Hot Pots Kept Ancient Siberian Hunters Alive And Warm
Anil - Feb 05, 2020
Scientists assumed that such a hot-pot technique could support these ancient hunters to absorb plenty of nutritional food.
History evidence has proven that ancient Siberian hunters would not have survived without heat-resistant pots. A recent study has shed a light on how these ancient hunters could survive thanks to the help of hot pots. To achieve the conclusion, scientists analyzed and extracted lipids and fats from a few ancient pieces of pottery around the world, as well as fragments that originated from several areas in Russia.
Published in the journal Quaternary Science Reviews last week, the research has reached a conclusion that Siberian hunters were relying on clay pots resistant to heating roughly 16,000 years ago. Scientists assumed that such a hot-pot technique could support the hunters to absorb plenty of nutritional food at that time.
It could be seen also that through the preservation of lipids and fats in the clay fragments originated from dig sites surrounding Amur River of Russia, ancient hunters from Siberia were likely to use vessels to cook fish such as migratory salmon. Experiments also revealed such biochemicals in clay fragments collected from nearby islands in Japan.
In addition to the study, heat-resistant pots actually did not come from one single source. But such clay technology was designed in an independent way by unrelated groups, showing a parallel innovation process.
In fact, only some of those Siberian hunters made use of the technology to cook migratory fish. Lipids and fats in fragments showed that some of the groups used the heat-resistant clay vessels to extract marrow and grease from the meat, bones, and cartilage of ruminant species.

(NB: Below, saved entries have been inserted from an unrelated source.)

Lemma level_count_le n C : (level_count n C <= 2 ^ n)%N.
Proof.
apply: (@leq_trans (\sum_(s : n.-tuple bool) 1)%N).
  by apply: leq_sum => s _; case: asboolP.
by rewrite sum1_card card_tuple card_bool.
Qed.

Lemma le_level_count n (C C' : set Cantor) : C `<=` C' ->
  (level_count n C <= level_count n C')%N.
Proof.
move=> CC'; apply: leq_sum => s _.
by case: asboolP => // sC; rewrite asboolT //; exact: subset_trans sC CC'.
Qed.

Lemma cyl_rcons (s : seq bool) b : cyl (rcons s b) `<=` cyl s.
Proof. by move=> u Hu i Hi; rewrite Hu ?size_rcons ?(ltn_trans Hi) // nth_rcons Hi. Qed.

Lemma cyl_zero_ext_rcons (s : seq bool) b : cyl s (zero_ext (rcons s b)).
Proof. by move=> i Hi; rewrite /zero_ext nth_rcons Hi. Qed.

Lemma level_count_S n C : (2 * level_count n C <= level_count n.+1 C)%N.
Proof.
rewrite /level_count sum_tuple_rcons mul2n -addnn -big_split /=.
apply: leq_sum => s _; case: asboolP => //= sC.
by rewrite !(asboolT (subset_trans (cyl_rcons _ _) sC)).
Qed.

Lemma level_count_determined n C : determined_at n C ->
  level_count n C = (\sum_(s : n.-tuple bool) `[< C (zero_ext s) >])%N.
Proof.
move=> dC; apply: eq_bigr => s _.
have ns : (n <= size s)%N by rewrite size_tuple.
case: (dC s ns) => sC.
  by rewrite !asboolT //; exact: sC.
have nCs : ~ C (zero_ext s) by exact: sC (cyl_zero_ext s).
by rewrite !asboolF // => /(_ _ (cyl_zero_ext s)).
Qed.

Lemma level_count_S_determined n C : determined_at n C ->
  level_count n.+1 C = (2 * level_count n C)%N.
Proof.
move=> dC; rewrite !level_count_determined //; last exact: determined_at_le dC.
rewrite sum_tuple_rcons mul2n -addnn -big_split /=; apply: eq_bigr => s _.
have ns : (n <= size s)%N by rewrite size_tuple.
by rewrite !(determined_cyl dC ns (cyl_zero_ext_rcons _ _)).
Qed.

Lemma level_count_setU {n P Q} : determined_at n P -> determined_at n Q ->
  P `&` Q = set0 -> level_count n (P `|` Q) = (level_count n P + level_count n Q)%N.
Proof.
move=> dP dQ PQ0; have dPQ := determined_atU dP dQ.
rewrite !level_count_determined // -big_split.
apply: eq_bigr => s _ /=.
case: (asboolP (P _)) => Ps; case: (asboolP (Q _)) => Qs.
- by have : (P `&` Q) (zero_ext s) by []; rewrite PQ0.
- by rewrite asboolT //; left.
- by rewrite asboolT //; right.
- by rewrite asboolF // => -[].
Qed.

Section inner_content.
Variable R : realType.

Definition level_ratio n C : R := (level_count n C)%:R / 2%:R ^+ n.

Lemma level_ratio_le1 n C : level_ratio n C <= 1.
Proof.
by rewrite ler_pdivrMr ?exprn_gt0 // mul1r -natrX ler_nat level_count_le.
Qed.

Lemma le_level_ratio n (C C' : set Cantor) : C `<=` C' ->
  level_ratio n C <= level_ratio n C'.
Proof.
by move=> CC'; rewrite ler_pM2r ?invr_gt0 ?exprn_gt0 // ler_nat le_level_count.
Qed.

Lemma level_ratio_nondecreasing C :
  {homo level_ratio ^~ C : n m / (n <= m)%N >-> n <= m}.
Proof.
apply/nondecreasing_seqP => n.
rewrite /level_ratio exprS invfM mulrA ler_pM2r ?invr_gt0 ?exprn_gt0 //.
by rewrite ler_pdivlMr // -natrM ler_nat mulnC level_count_S.
Qed.

Lemma level_ratio_determined {n m : nat} {C} : determined_at n C -> (n <= m)%N ->
  level_ratio m C = level_ratio n C.
Proof.
move=> dC /subnK <-; elim: (m - n)%N => [|k IH] //.
rewrite addSn /level_ratio level_count_S_determined; last first.
  by apply: determined_at_le dC; rewrite leq_addl.
by rewrite natrM exprS invfM mulrA -[2 * _]mulrC mulfK.
Qed.

Lemma has_sup_level_ratio C : has_sup [set level_ratio n C | n in [set: nat]].
Proof.
split; first by exists (level_ratio 0 C), 0%N.
by exists 1 => _ [n _ <-]; exact: level_ratio_le1.
Qed.

Lemma level_ratio_le_lam n C : level_ratio n C <= lam C.
Proof. by apply: sup_upper_bound; [exact: has_sup_level_ratio | exists n]. Qed.

Lemma ge_lam C (r : R) : (forall n, level_ratio n C <= r) -> lam C <= r.
Proof.
move=> Cr; apply: ge_sup; first by exists (level_ratio 0 C), 0%N.
by move=> _ [n _ <-]; exact: Cr.
Qed.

Through the usage of different methods to design and develop clay pots in different groups, the timing of pottery arrival showed that it played a considerably important role in supporting hunters’ survival through severe environment conditions. It is known that the glacial maximum in the ice age happened around 26,000 or 20,000 years ago. Roughly 19,000 years ago, the temperatures started to rise and the ice began to melt, gradually opening up Siberian inhospitable areas to the habitation. The ability for dietary through the usage of heat-resistant vessels had assisted ancient groups of nomadic hunters in repopulating the newly discovered areas of Siberia.